Генерал-адъютант К.Д. Нилов был особенно возбужден, и когда я вошел к нему в купе, он, задыхаясь, говорил, что этого предателя-Рузского надо арестовать и убить, что погибнет Государь и вся Россия. "Только самые решительные меры по отношению к Рузскому, может быть, улучшили бы нашу участь, но на решительные действия Государь не пойдет", — сказал Нилов. Он прерывающимся голосом стал говорить мне: "Царь не может согласиться на оставление трона. Это погубит всю Россию, всех нас, весь народ. Государь обязан противодействовать этой подлой измене Ставки и всех предателей генерал-адъютантов. Кучка людей не может этого делать. Есть люди, войска, и не все предатели в России».{369}

Совершенно верно, были и верные войска, и верные генералы. Но Алексеев, Рузский и другие возвращали именем Государя войска назад, а изъявления верности Государю со стороны порядочных и глубоко преданных Государю генералов, как Хан-Гуссейн Нахичеванского и графа Келлера, не передавались. Все это делали "мученик" Алексеев и "лучезарный брат" Рузский.

Во время этих разговоров свитских генералов Рузский был у Государя, а затем он в 12-м часу прямо пошел к себе для переговоров по прямому проводу с Петроградом и Ставкой. Лукомский в своих воспоминаниях пишет, что "находясь в Могилеве, Государь, якобы, не чувствовал твердой опоры в своем начальнике штаба Алексееве и надеялся найти более твердую опору в генерале Рузском в Пскове".{370}

Увы! При наличии в Ставке Алексеева и самого Лукомского, а в Пскове Рузского и Данилова, никакой опоры Государь не мог иметь. Николай Николаевич и Брусилов тоже не были опорой. В общем получается заколдованный круг, ловушка, куда был вовлечен наш несчастный Государь, так веривший в свою Армию и ее высших начальников! И "мученик", и "брат", и "коленопреклоненный", и будущий большевицкий инспектор кавалерии{371} были предателями Родины и Государя!
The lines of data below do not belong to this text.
Definition is_lub (M : OLstr) (S : ocar M -> Prop) (s : ocar M) : Prop :=
  (forall x, S x -> ole M x s) /\ (forall u, (forall x, S x -> ole M x u) -> ole M s u).
Definition is_glb (M : OLstr) (S : ocar M -> Prop) (s : ocar M) : Prop :=
  (forall x, S x -> ole M s x) /\ (forall u, (forall x, S x -> ole M u x) -> ole M u s).

Definition is_COL (M : OLstr) : Prop :=
  (forall x, ole M x x) /\
  (forall x y, ole M x y -> ole M y x -> x = y) /\
  (forall x y z, ole M x y -> ole M y z -> ole M x z) /\
  (forall S : ocar M -> Prop, exists s, is_lub M S s) /\
  (forall x, oc M (oc M x) = x) /\
  (forall x y, ole M x y -> ole M (oc M y) (oc M x)) /\
  (* x /\ x^perp = 0 *)
  (forall x z, ole M z x -> ole M z (oc M x) -> forall w, ole M z w) /\
  (* x \/ x^perp = 1 *)
  (forall x z, ole M x z -> ole M (oc M x) z -> forall w, ole M w z) /\
  (* orthomodular law: x <= y -> y = x \/ (y /\ x^perp) *)
  (forall x y m j, ole M x y -> is_glb M (pair2 y (oc M x)) m ->
     is_lub M (pair2 x m) j -> j = y).

Definition is_COL_mor (M N : OLstr) (g : ocar M -> ocar N) : Prop :=
  bij g /\ (forall m n, ole M m n <-> ole N (g m) (g n)) /\
  (forall m, g (oc M m) = oc N (g m)).

(* sups/infs in a complete lattice (chosen classically; x0 only witnesses
   inhabitation) *)
Definition osup (M : OLstr) (x0 : ocar M) (S : ocar M -> Prop) : ocar M :=
  epsilon (inhabits x0) (is_lub M S).
Definition oinf (M : OLstr) (x0 : ocar M) (S : ocar M -> Prop) : ocar M :=
  epsilon (inhabits x0) (is_glb M S).
Definition otop (M : OLstr) (x0 : ocar M) : ocar M := osup M x0 (fun _ => True).

(* Sasaki projection pi_m(x) = m /\ (m^perp \/ x) *)
Definition sasaki (M : OLstr) (m : ocar M) : ocar M -> ocar M :=
  fun x => oinf M m (pair2 m (osup M m (pair2 (oc M m) x))).

Definition is_adjoint (M : OLstr) (f g : ocar M -> ocar M) : Prop :=
  forall x y, ole M (f x) (oc M y) <-> ole M x (oc M (g y)).
Definition linear (M : OLstr) (f : ocar M -> ocar M) : Prop :=
  exists g, is_adjoint M f g.
Definition adj (M : OLstr) (f : ocar M -> ocar M) : ocar M -> ocar M :=
  epsilon (inhabits (fun x : ocar M => x)) (is_adjoint M f).

Definition LinT (M : OLstr) : Type := {f : ocar M -> ocar M | linear M f}.

Lemma id_linear (M : OLstr) : linear M (fun x => x).
Proof. exists (fun x => x). intros x y. split; intro H; exact H. Qed.

(* packs a map into Lin(M); used only on maps that are linear (the operations
   of Lin(M) are closed), the default branch is never reached there *)
Definition mkLin (M : OLstr) (f : ocar M -> ocar M) : LinT M :=
  match excluded_middle_informative (linear M f) with
  | left p => exist _ f p
  | right _ => exist _ (fun x => x) (id_linear M)
  end.

Record IDAstr := mkIDA {
  icar : Type;
  ijoin : (icar -> Prop) -> icar;
  imul : icar -> icar -> icar;
  iinv : icar -> icar;
  ineg : icar -> icar;
  iunit : icar
}.

Section IDAdefs.
Variable K : IDAstr.
Local Notation J := (ijoin K).
Local Notation "x * y" := (imul K x y).
Local Notation "~~ x" := (ineg K x) (at level 35).

Definition ile (x y : icar K) : Prop := J (pair2 x y) = y.

Definition is_IQuantale : Prop :=
  (forall x, ile x x) /\
  (forall x y, ile x y -> ile y x -> x = y) /\
  (forall x y z, ile x y -> ile y z -> ile x z) /\
  (forall S x, S x -> ile x (J S)) /\
  (forall S u, (forall x, S x -> ile x u) -> ile (J S) u) /\
  (forall x y z, (x * y) * z = x * (y * z)) /\
  (forall x, iunit K * x = x) /\ (forall x, x * iunit K = x) /\
  (forall x S, x * J S = J (imageP (fun y => x * y) S)) /\
  (forall S y, J S * y = J (imageP (fun x => x * y) S)) /\
  (forall x, iinv K (iinv K x) = x) /\
  (forall x y, iinv K (x * y) = iinv K y * iinv K x) /\
  (forall S, iinv K (J S) = J (imageP (iinv K) S)).

Definition is_IDA : Prop :=
  is_IQuantale /\
  (forall x y, ~~ (x * ~~ (~~ y)) = ~~ (x * y)) /\
  (forall S, ~~ (J (imageP (fun x => ~~ (~~ x)) S)) = ~~ (J S)) /\
  (forall x, iinv K (~~ x) = ~~ x) /\
  (forall x y, ~~ (~~ (~~ (~~ x) * y)) =
               ~~ (J (pair2 (~~ x) (~~ (J (pair2 (~~ x) y)))))).
(* Let $F$ be the class of all two-sorted term-modal frames (for the fixed agent set $\mathcal{A}$). For every formula $\varphi$ of the language $\mathcal{L}$: if $\vdash_{\mathbf{K}_{TM}}\varphi$, then $\models_F\varphi$, i.e. $\varphi$ is valid on every frame in $F$.
   Context: Fix a finite nonempty set of agents $\mathcal{A}=\{\alpha_1,\dots,\alpha_n\}$ and two sorts $agt$, $obj$. The language $\mathcal{L}$ has: countably infinite sets $VAR_{agt}$, $VAR_{obj}$ of variables; a countable (possibly empty) set of constants, each with a sort; a countable (possibly empty) set of function symbols, each with an arity $\alpha\in\{agt,obj\}^{k+1}$, $k\ge 0$ (first $k$ entries: argument sorts; last entry: value sort); a countable (possibly empty) set of relation symbols, each with an arity $\beta\in\{agt,obj\}^k$, $k\ge 1$; the symbol $=$; $\neg,\to$; $\forall$; and a modal operator $K_t$ for every agent-sorted term $t$. Terms: variables, constants, and $f(t_1,\dots,t_k)$ with $t_i$ of sort $\alpha_i$ (of sort $\alpha_{k+1}$). Formulas: $t_1=t_2$ (any terms), $P(t_1,\dots,t_k)$ ($t_i$ of sort $\beta_i$), $\neg\varphi$, $\varphi\to\psi$, $\forall x\varphi$, $K_t\varphi$ ($t$ agent-sorted). Other connectives as usual, $\exists x:=\neg\forall x\neg$, $P_t:=\neg K_t\neg$. Free variables as usual, except that the free variables of $K_t\varphi$ are those of $t$ together with those of $\varphi$. $\varphi(t/x)$ denotes substitution of $t$ for the free occurrences of $x$ (renaming bound variables so no variable of $t$ becomes bound). A frame is $\langle W,\mathcal{R},DOM\rangle$ with $W\neq\emptyset$, $\mathcal{R}:\mathcal{A}\to\mathcal{P}(W\times W)$, and $DOM=DOM_{agt}\sqcup DOM_{obj}$ a disjoint union of nonempty sets with $DOM_{agt}=\mathcal{A}$. An interpretation $\mathcal{I}$ assigns to each relation symbol $P$ of arity $\beta$ and world $w$ a set $\mathcal{I}(P,w)\subseteq\prod_{i=1}^k DOM_{\beta_i}$; to each function symbol $f$ of arity $\alpha$ and $w$ a set $\mathcal{I}(f,w)\subseteq\prod_{i=1}^{k+1}DOM_{\alpha_i}$; $\mathcal{I}(=,w)=\{(d,d):d\in DOM\}$; to each constant $c$ of sort $\sigma$ and $w$ an element $\mathcal{I}(c,w)\in DOM_\sigma$. A model is a frame plus an interpretation (it is ''based on'' the frame). A valuation $v$ maps each $VAR_\sigma$ surjectively onto $DOM_\sigma$; an $x$-variant of $v$ agrees with $v$ except possibly at $x$. Extensions: $t^{w,v}=v(t)$ for a variable, $\mathcal{I}(t,w)$ for a constant. Truth: $\mathcal M,w\models_v P(t_1,\dots,t_k)$ iff $(t_1^{w,v},\dots,t_k^{w,v})\in\mathcal{I}(P,w)$; $\mathcal M,w\models_v t_1=t_2$ iff $t_1^{w,v}=t_2^{w,v}$; $\neg,\to$ classically; $\mathcal M,w\models_v\forall x\varphi$ iff $\mathcal M,w\models_{v'}\varphi$ for every $x$-variant $v'$ of $v$; $\mathcal M,w\models_v K_t\varphi$ iff $\mathcal M,w'\models_v\varphi$ for all $w'$ with $(w,w')\in\mathcal{R}(t^{w,v})$. A formula is valid in a frame if it is true at every world under every valuation in every model based on the frame; valid on a class of frames if valid in each of its frames. The system $\mathbf{K}_{TM}$: axioms are all substitution instances (by formulas of $\mathcal L$) of valid formulas of propositional modal logic, together with: ($\forall$) $\forall x\varphi\to\varphi(y/x)$ for any formula $\varphi$ and variable $y$ free in $\varphi$; (Id) $t=t$ for every term $t$; (MSD) $x\neq y$ for $x\in VAR_{agt}$, $y\in VAR_{obj}$; (PS) $(x=y)\to(\varphi(x)\to\varphi(y))$ for variables $x,y$ and formulas $\varphi$ (with $x,y$ agent-sorted when they occur as modal indices); ($\exists$Id) $(c=c)\to\exists x(x=c)$ for every constant $c$; (N) $\exists x_1\cdots\exists x_n\big(x_1\neq x_2\wedge\dots\wedge x_{n-1}\neq x_n\wedge\forall y(y=x_1\vee\dots\vee y=x_n)\big)$ for agent variables $x_1,\dots,x_n,y$, $n=|\mathcal A|$; (K) $K_t(\varphi\to\psi)\to(K_t\varphi\to K_t\psi)$; (BF) $\forall xK_t\varphi\to K_t\forall x\varphi$ for agent-sorted $t$ and variable $x\neq t$; (KNI) $(x\neq y)\to K_t(x\neq y)$ for variables $x,y$ and agent-sorted $t$. Rules: modus ponens; (KG) from $\varphi$ infer $K_t\varphi$ for agent-sorted $t$; (Gen) from $\varphi\to\psi$ infer $\varphi\to\forall x\psi$ when $x$ is not free in $\varphi$. $\vdash_{\mathbf{K}_{TM}}\varphi$ means $\varphi$ is the last line of a finite sequence each of whose members is an axiom or follows from earlier ones by a rule. *)

From mathcomp Require Import all_boot.
From Stdlib Require Import List.

Set Implicit Arguments.
Unset Strict Implicit.
Unset Printing Implicit Defensive.

Inductive sort := Agt | Obj.

Definition sort_eqb (s t : sort) : bool :=
  match s, t with Agt, Agt | Obj, Obj => true | _, _ => false end.

(* VAR_sigma = { (sigma, n) | n : nat } : countably infinite for each sort *)
Definition var := (sort * nat)%type.

Definition var_eqb (x y : var) : bool :=
  sort_eqb x.1 y.1 && Nat.eqb x.2 y.2.

Fixpoint memb (x : var) (l : list var) : bool :=
  match l with nil => false | y :: l' => var_eqb x y || memb x l' end.

Record signature := Signature {
  csym : countType;
  csort : csym -> sort;
  fsym : countType;
  fargs : fsym -> list sort;
  fres : fsym -> sort;
  rsym : countType;
  rargs : rsym -> list sort;
  rargs_ne : forall P, rargs P <> nil
}.

Section Syntax.
Variable Sg : signature.

Inductive term :=
  | TVar (x : var)
  | TConst (c : csym Sg)
  | TApp (f : fsym Sg) (ts : list term).

Inductive form :=
  | FEq (t1 t2 : term)
  | FPred (P : rsym Sg) (ts : list term)
  | FNeg (phi : form)
  | FImp (phi psi : form)
  | FAll (x : var) (phi : form)
  | FK (t : term) (phi : form).

Definition tsort (t : term) : sort :=
  match t with
  | TVar x => x.1
  | TConst c => csort c
  | TApp f _ => fres f
  end.

Fixpoint wf_term (t : term) : Prop :=
  match t with
  | TVar _ => True
  | TConst _ => True
  | TApp f ts =>
      List.map tsort ts = fargs f /\
      (fix all_wf (l : list term) : Prop :=
         match l with nil => True | u :: l' => wf_term u /\ all_wf l' end) ts
  end.
Lemma Wchain_Lp k t Y : (t + k <= T)%N -> Lpt (t + k) Y -> Lpt t (Wc t k Y).
Proof.
elim: k t => [|k IH] t /=; first by rewrite addn0.
by rewrite -addSnnS => tkT hY; apply: Wmap_Lp; [lia|exact: IH].
Qed.

Lemma Wchain_mono k t Y Y' : (t + k <= T)%N -> Lpt (t + k) Y -> Lpt (t + k) Y' ->
  as_le P Y Y' -> as_le P (Wc t k Y) (Wc t k Y').
Proof.
elim: k t => [|k IH] t //=; rewrite -addSnnS => tkT hY hY' YY'.
by apply: Wmap_mono; [lia|exact: Wchain_Lp|exact: Wchain_Lp|exact: IH].
Qed.

Lemma Wchain_ae_eq k t Y Y' : (t + k <= T)%N -> Lpt (t + k) Y -> Lpt (t + k) Y' ->
  as_eq P Y Y' -> as_eq P (Wc t k Y) (Wc t k Y').
Proof.
move=> tkT hY hY' YY'.
by apply: as_le_anti; apply: Wchain_mono => //; apply: as_eq_le => //; exact: as_eq_sym.
Qed.

Lemma Wchain_translate k t Y (l : Omega -> R) :
  (t + k <= T)%N -> Lpt (t + k) Y -> Lpt t l ->
  as_eq P (Wc t k (fun x => Y x + l x)) (fun x => Wc t k Y x + l x).
Proof.
elim: k t => [|k IH] t /=; first by move=> *; apply: aeW.
rewrite -addSnnS => tkT hY hl; have ht : (t < T)%N by lia.
have hl1 := Lp_filtration (leqnSn t) ht hl.
have hYl : Lpt t.+1 (Wc t.+1 k (fun x => Y x + l x)).
  apply: Wchain_Lp => //.
  exact: (LpD hp (filtration_sub tkT) hY (Lp_filtration (leq_addr k t.+1) tkT hl1)).
have hY_l : Lpt t.+1 (fun x => Wc t.+1 k Y x + l x).
  exact: (LpD hp (filtration_sub ht) (Wchain_Lp tkT hY) hl1).
apply: filterS2 (Wmap_ae_eq ht hYl hY_l (IH _ tkT hY hl1))
  (Wmap_translate ht (Wchain_Lp tkT hY) hl) => x -> //.
Qed.

Lemma Wchain_scale k t (a : Omega -> R) Y : (t + k <= T)%N -> Lp_plus P p (F t) a ->
  Lpt (t + k) Y -> Lpt (t + k) (fun x => a x * Y x) ->
  as_eq P (Wc t k (fun x => a x * Y x)) (fun x => a x * Wc t k Y x).
Proof.
elim: k t => [|k IH] t /=; first by move=> *; apply: aeW.
rewrite -addSnnS => tkT ha hY haY; have ht : (t < T)%N by lia.
have ha1 : Lp_plus P p (F t.+1) a := conj (Lp_filtration (leqnSn t) ht ha.1) ha.2.
have eaY := IH _ tkT ha1 hY haY.
have hWaY : Lpt t.+1 (Wc t.+1 k (fun x => a x * Y x)) by exact: Wchain_Lp.
have hWY : Lpt t.+1 (Wc t.+1 k Y) by exact: Wchain_Lp.
have haWY : Lpt t.+1 (fun x => a x * Wc t.+1 k Y x).
  have maWY := meas_wrtM (proj1 (filtration_sub ht)) ha1.1.1 hWY.1.
  exact: (Lp_ae_eq hp (filtration_sub ht) hWaY maWY eaY).
apply: filterS2 (Wmap_ae_eq ht hWaY haWY eaY) (Wmap_scale ht ha hWY haWY) => x -> //.
Qed.

Definition Lp_adapted (X : nat -> Omega -> R) := forall u, (1 <= u <= T)%N -> Lpt u (X u).
Lemma glued_layer s : #|[set v in U | glued v <= s]| <= layer_bound s.
Proof.
case: s => [|s] /=.
  apply: leq_trans R_small; apply/subset_leq_card/subsetP => v.
  by rewrite inE /glued; case: ifP => // _; rewrite ltn0 andbF.
set N := (U :\: R) :&: neighbours e R.
have sub : [set v in U | glued v <= s.+1] \subset
    R :|: \bigcup_(z in N) [set v in K z | Lc (K z) v <= s].
  apply/subsetP => v; rewrite inE => /andP[vU].
  case: (boolP (v \in R)) => [vR _|vR]; first by rewrite inE vR.
  have vUR : v \in U :\: R by rewrite in_setD vR.
  rewrite glued_out // ltnS => Lv; rewrite inE; apply/orP; right.
  have [z zK zN] := component_meets_neighbours esym vUR (Uconn vU (subsetP RU _ x0R)) x0R.
  apply/bigcupP; exists z; first by rewrite /N in_setI zN (subsetP (component_sub e _ v) z zK).
  by rewrite (component_eq esym zK) inE component_self.
apply: leq_trans (subset_leq_card sub) (leq_trans (leq_card_setU _ _).1 _).
rewrite leq_add // (leq_trans (card_bigcup_le _ _)) //.
apply: leq_trans (_ : \sum_(z in N) layer_bound s <= _).
  apply: leq_sum => z; rewrite inE => /andP[zUR _].
  by have [_ _ Lc_layer _] := Lc_good zUR; apply: Lc_layer.
rewrite sum_nat_const leq_mul2r; apply/orP; right.
apply: leq_trans (subset_leq_card (subsetIr _ _)) _.
by apply: leq_trans (card_neighbours _ deg) _; rewrite leq_mul2r R_small orbT.
Qed.

Lemma glued_connected C a s : connected_set e C -> C \subset U ->
  {in C, forall v, a <= glued v <= a + s} -> #|C| <= layer_bound s.
Proof.
move=> Cconn CU range.
case: (boolP [exists v in C, v \in R]) => [/exists_inP[v vC vR]|CR].
  have a0 : a = 0 by have := range v vC; rewrite glued_in //; lia.
  apply: leq_trans (glued_layer s); apply/subset_leq_card/subsetP => w wC.
  by rewrite inE (subsetP CU) //=; have := range w wC; rewrite a0.
have CUR : C \subset U :\: R.
  apply/subsetP => w wC; rewrite in_setD (subsetP CU) // andbT.
  by apply: contra CR => wR; apply/exists_inP; exists w.
case: (set_0Vmem C) => [->|[x xC]]; first by rewrite cards0.
have CK := connected_sub_component Cconn CUR xC.
have [_ _ _ Lc_conn] := Lc_good (subsetP CUR x xC).
apply: (Lc_conn C a.-1 s Cconn CK) => w wC.
have wR : w \notin R by have := subsetP CUR w wC; rewrite in_setD => /andP[].
by have := range w wC; rewrite glued_out // (component_eq esym (subsetP CK w wC)); lia.
Qed.

Lemma good_layering_glued (S : {set T}) : S \subset R -> good_layering U S glued.
Proof.
move=> SR; split; [by move=> v /(subsetP SR)/glued_in | exact: glued_lipschitz |
  exact: glued_layer | exact: glued_connected].
Qed.

End Glue.
(* Let $n, k, r \ge 1$ be integers and let $S=\{(x_i,z_i)\}_{i=1}^n$ with $x_i\in\mathbb{R}^k$ pairwise distinct and $z_i\in\mathbb{R}^r$ arbitrary. Let $d_1,d_2\ge 1$ be integers satisfying $4\lfloor d_1/4\rfloor\,\lfloor d_2/(4r)\rfloor \ge n$ (in particular $d_1d_2\ge 4nr$). Then there exist weight matrices $W_1\in\mathbb{R}^{d_1\times k}$, $W_2\in\mathbb{R}^{d_2\times d_1}$, $W_3\in\mathbb{R}^{r\times d_2}$ and bias vectors $b_1\in\mathbb{R}^{d_1}$, $b_2\in\mathbb{R}^{d_2}$, $b_3\in\mathbb{R}^{r}$ such that the three-layer ReLU network $$g_\theta(x)=W_3\,\sigma\big(W_2\,\sigma(W_1x+b_1)+b_2\big)+b_3,\qquad \sigma(t)=\max(t,0)\text{ applied entrywise},$$ satisfies $g_\theta(x_i)=z_i$ for all $i=1,\dots,n$.
   Context: A ''three-layer ReLU network'' with hidden widths $d_1,d_2$ means a fully connected feedforward map $\mathbb{R}^k\to\mathbb{R}^r$ with two hidden layers of widths $d_1$ and $d_2$, each followed by the entrywise ReLU activation $\sigma(t)=\max(t,0)$, and a final affine (linear plus bias, no activation) output layer, as written in the claim. *)

From mathcomp Require Import all_boot all_order all_algebra.
From mathcomp Require Import reals.
Set Implicit Arguments. Unset Strict Implicit. Unset Printing Implicit Defensive.
Import Order.TTheory GRing.Theory Num.Theory.
Local Open Scope ring_scope.

Definition relu {R : realType} {m : nat} (v : 'cV[R]_m) : 'cV[R]_m :=
  map_mx (fun t => Num.max t 0) v.

Definition net3 {R : realType} {k d1 d2 r : nat}
  (W1 : 'M[R]_(d1, k)) (b1 : 'cV[R]_d1)
  (W2 : 'M[R]_(d2, d1)) (b2 : 'cV[R]_d2)
  (W3 : 'M[R]_(r, d2)) (b3 : 'cV[R]_r) (x : 'cV[R]_k) : 'cV[R]_r :=
  W3 *m relu (W2 *m relu (W1 *m x + b1) + b2) + b3.

From mathcomp Require Import all_boot all_order all_algebra.
From mathcomp Require Import reals.
From mathcomp Require Import ring lra zify.
Import Order.TTheory GRing.Theory Num.Theory.
Local Open Scope ring_scope.
Set Implicit Arguments. Unset Strict Implicit. Unset Printing Implicit Defensive.

(* A generic linear functional maps the inputs to distinct reals; sort them as
   s 0 < s 1 < ... and cut the sorted points into S blocks of L consecutive
   points.  A pair of first-layer hinges with knots just below the first point of
   a block switches on an arbitrary affine function from that block onwards, so
   telescoping over blocks lets every second-layer unit see an arbitrary affine
   input on each block.  On block o, two second-layer units with a common steep
   slope and offsets max(h,0), max(-h,0) differ by a step of height h at any
   chosen point of the block; summing L such steps telescopes to the targets. *)

Lemma separating_functional (R : numDomainType) (n k : nat) (x : 'I_n -> 'cV[R]_k) :
  injective x -> exists a : 'rV[R]_k, injective (fun i => (a *m x i) 0 0).
Proof.
move=> x_inj.
pose pv (v : 'cV[R]_k) : {poly R} := \sum_(j < k) v j 0 *: 'X^j.
pose a l : 'rV[R]_k := \row_j l ^+ j.
have pvE v l : (pv v).[l] = (a l *m v) 0 0.
  rewrite horner_sum !mxE; apply: eq_bigr => j _.
  by rewrite hornerZ hornerXn mxE mulrC.
have pv_neq0 v : v != 0 -> pv v != 0.
  apply: contraNneq => pv0; apply/eqP/matrixP => i j; rewrite (ord1 j) mxE.
  have := congr1 (fun q : {poly R} => q`_i) pv0.
  rewrite coef_sum coef0 (bigD1 i) //= big1 ?addr0 ?coefZ ?coefXn ?eqxx ?mulr1 //.
  by move=> l /negbTE nl; rewrite coefZ coefXn (inj_eq val_inj) eq_sym nl mulr0.
pose P := \prod_(ij : 'I_n * 'I_n | ij.1 != ij.2) pv (x ij.1 - x ij.2).
have P_neq0 : P != 0.
  apply/prodf_neq0 => ij /= ne; apply: pv_neq0; rewrite subr_eq0.
  by apply: contra ne => /eqP/x_inj ->.
pose rs := [seq (i%:R : R) | i <- iota 0 (size P)].
have rs_uniq : uniq rs.
  by rewrite map_inj_uniq ?iota_uniq //; apply: mulrIn; rewrite oner_eq0.
have /allPn[l _ Pl_neq0] : ~~ all (root P) rs.
  apply/negP => /(max_poly_roots P_neq0)/(_ rs_uniq).
  by rewrite size_map size_iota ltnn.
exists (a l) => i j /= e; apply/eqP; apply: contraNT Pl_neq0 => ne.
rewrite /root /P horner_prod; apply/prodf_eq0; exists (i, j) => //=.
rewrite pvE mulmxBr; set A := _ *m x i; set B := _ *m x j.
by rewrite [(A - B) 0 0]mxE [(- B) 0 0]mxE /A /B e subrr.
Qed.

Lemma rank_sort (R : realDomainType) (n : nat) (t : 'I_n -> R) : injective t ->
  exists (rho pi : 'I_n -> 'I_n) (s : nat -> R),
    [/\ cancel rho pi, {homo s : p q / (p < q)%N >-> p < q} & forall i, t i = s (rho i)].
Proof.
move=> t_inj.
have rank_lt (i : 'I_n) : (#|[pred j | (t j < t i)%R]| < n)%N.
  rewrite -[X in (_ < X)%N]card_ord; apply: proper_card; apply/properP.
  split; first exact/subset_predT.
  by exists i; rewrite ?inE ?ltxx.
pose rho i := Ordinal (rank_lt i).
have rho_mono i j : t i < t j -> (rho i < rho j)%N.
  move=> tij; apply: proper_card; apply/properP; split.
    by apply/subsetP => l; rewrite !inE => /lt_trans; apply.
  by exists i; rewrite !inE ?ltxx.
have rho_inj : injective rho.
  move=> i j e; apply: t_inj; apply/eqP; rewrite eq_le !leNgt.
  by apply/andP; split; apply/negP => /rho_mono; rewrite e ltnn.
pose pi := invF rho_inj.
(* Past [n], [s] keeps increasing above every value of [t]. *)
pose T := \sum_i `|t i|.
have t_le_T i : t i <= T.
  rewrite /T (bigD1 i) //=; apply: le_trans (ler_norm _) _.
  by rewrite lerDl sumr_ge0.
pose s p := oapp (fun o => t (pi o)) (T + p.+1%:R) (insub p).
exists rho, pi, s; split; first exact: invF_f.
  have t_pi_mono (a b : 'I_n) : (a < b)%N -> t (pi a) < t (pi b).
    move=> ab; rewrite ltNge le_eqVlt negb_or; apply/andP; split.
      by apply: contraTneq ab => /t_inj/(can_inj (f_invF rho_inj)) ->; rewrite ltnn.
    by apply/negP => /rho_mono; rewrite !f_invF => /(ltn_trans ab); rewrite ltnn.
  move=> p q pq; rewrite /s.
  case: insubP => [a ap aE|np]; case: insubP => [b bp bE|nq] /=.
  - by apply: t_pi_mono; rewrite aE bE.
  - by apply: le_lt_trans (t_le_T _) _; rewrite ltrDl ltr0n.
  - by move: np; rewrite (ltn_trans pq bp).
  - by rewrite ltrD2l ltr_nat ltnS.
by move=> i; rewrite /s valK /= /pi invF_f.
Qed.

Section BigNat.
Variable V : zmodType.
Implicit Types F : nat -> V.

Lemma big_ord_double F m :
  \sum_(l < m.*2) F l = \sum_(o < m) (F o.*2 + F o.*2.+1).
Proof.
elim: m => [|m IH]; first by rewrite !big_ord0.
by rewrite doubleS !big_ord_recr /= IH addrA.
Qed.

Lemma big_ord_vanish F m d : (m <= d)%N -> (forall l, (m <= l)%N -> F l = 0) ->
  \sum_(l < d) F l = \sum_(l < m) F l.
Proof.
move=> md F0; rewrite -!(big_mkord xpredT F) (big_cat_nat (leq0n m) md) /=.
by rewrite [X in _ + X]big_nat_cond [X in _ + X]big1 ?addr0 // => l /andP[/andP[/F0]].
Qed.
А могло быть все иначе! Присяга не есть только формальная процедура, в присяге заключается мистическая сущность нашей связи с Венценосцем, а через Него с Господом Богом. Нарушение присяги — попрание Божьего закона.

Когда Рузский был у Государя, он передал Ему телеграмму Алексеева:

"Ежеминутная растущая опасность распространения анархии по всей стране, дальнейшего разложения армии и невозможности продолжения войны при создавшейся обстановке настоятельно требуют издания Высочайшего акта, могущего еще успокоить умы, что возможно только путем признания ответственного министерства и поручения составления его председателю Государственной Думы.

Поступающие сведения дают основания надеяться на то, что думские деятели, руководимые Родзянко, еще могут остановить всеобщий развал и что работа с ними может пойти, но утрата всякого часа уменьшает последние шансы на сохранение и восстановление порядка и способствует захвату власти крайними левыми элементами. Ввиду этого усердно умоляю Ваше Императорское Величество соизволить на немедленное опубликование из Ставки нижеследующего манифеста".{372}

Дальше идет текст манифеста о даровании ответственного министерства. Государь велел Воейкову отправить по Юзу телеграмму Родзянко с согласием на опубликование манифеста.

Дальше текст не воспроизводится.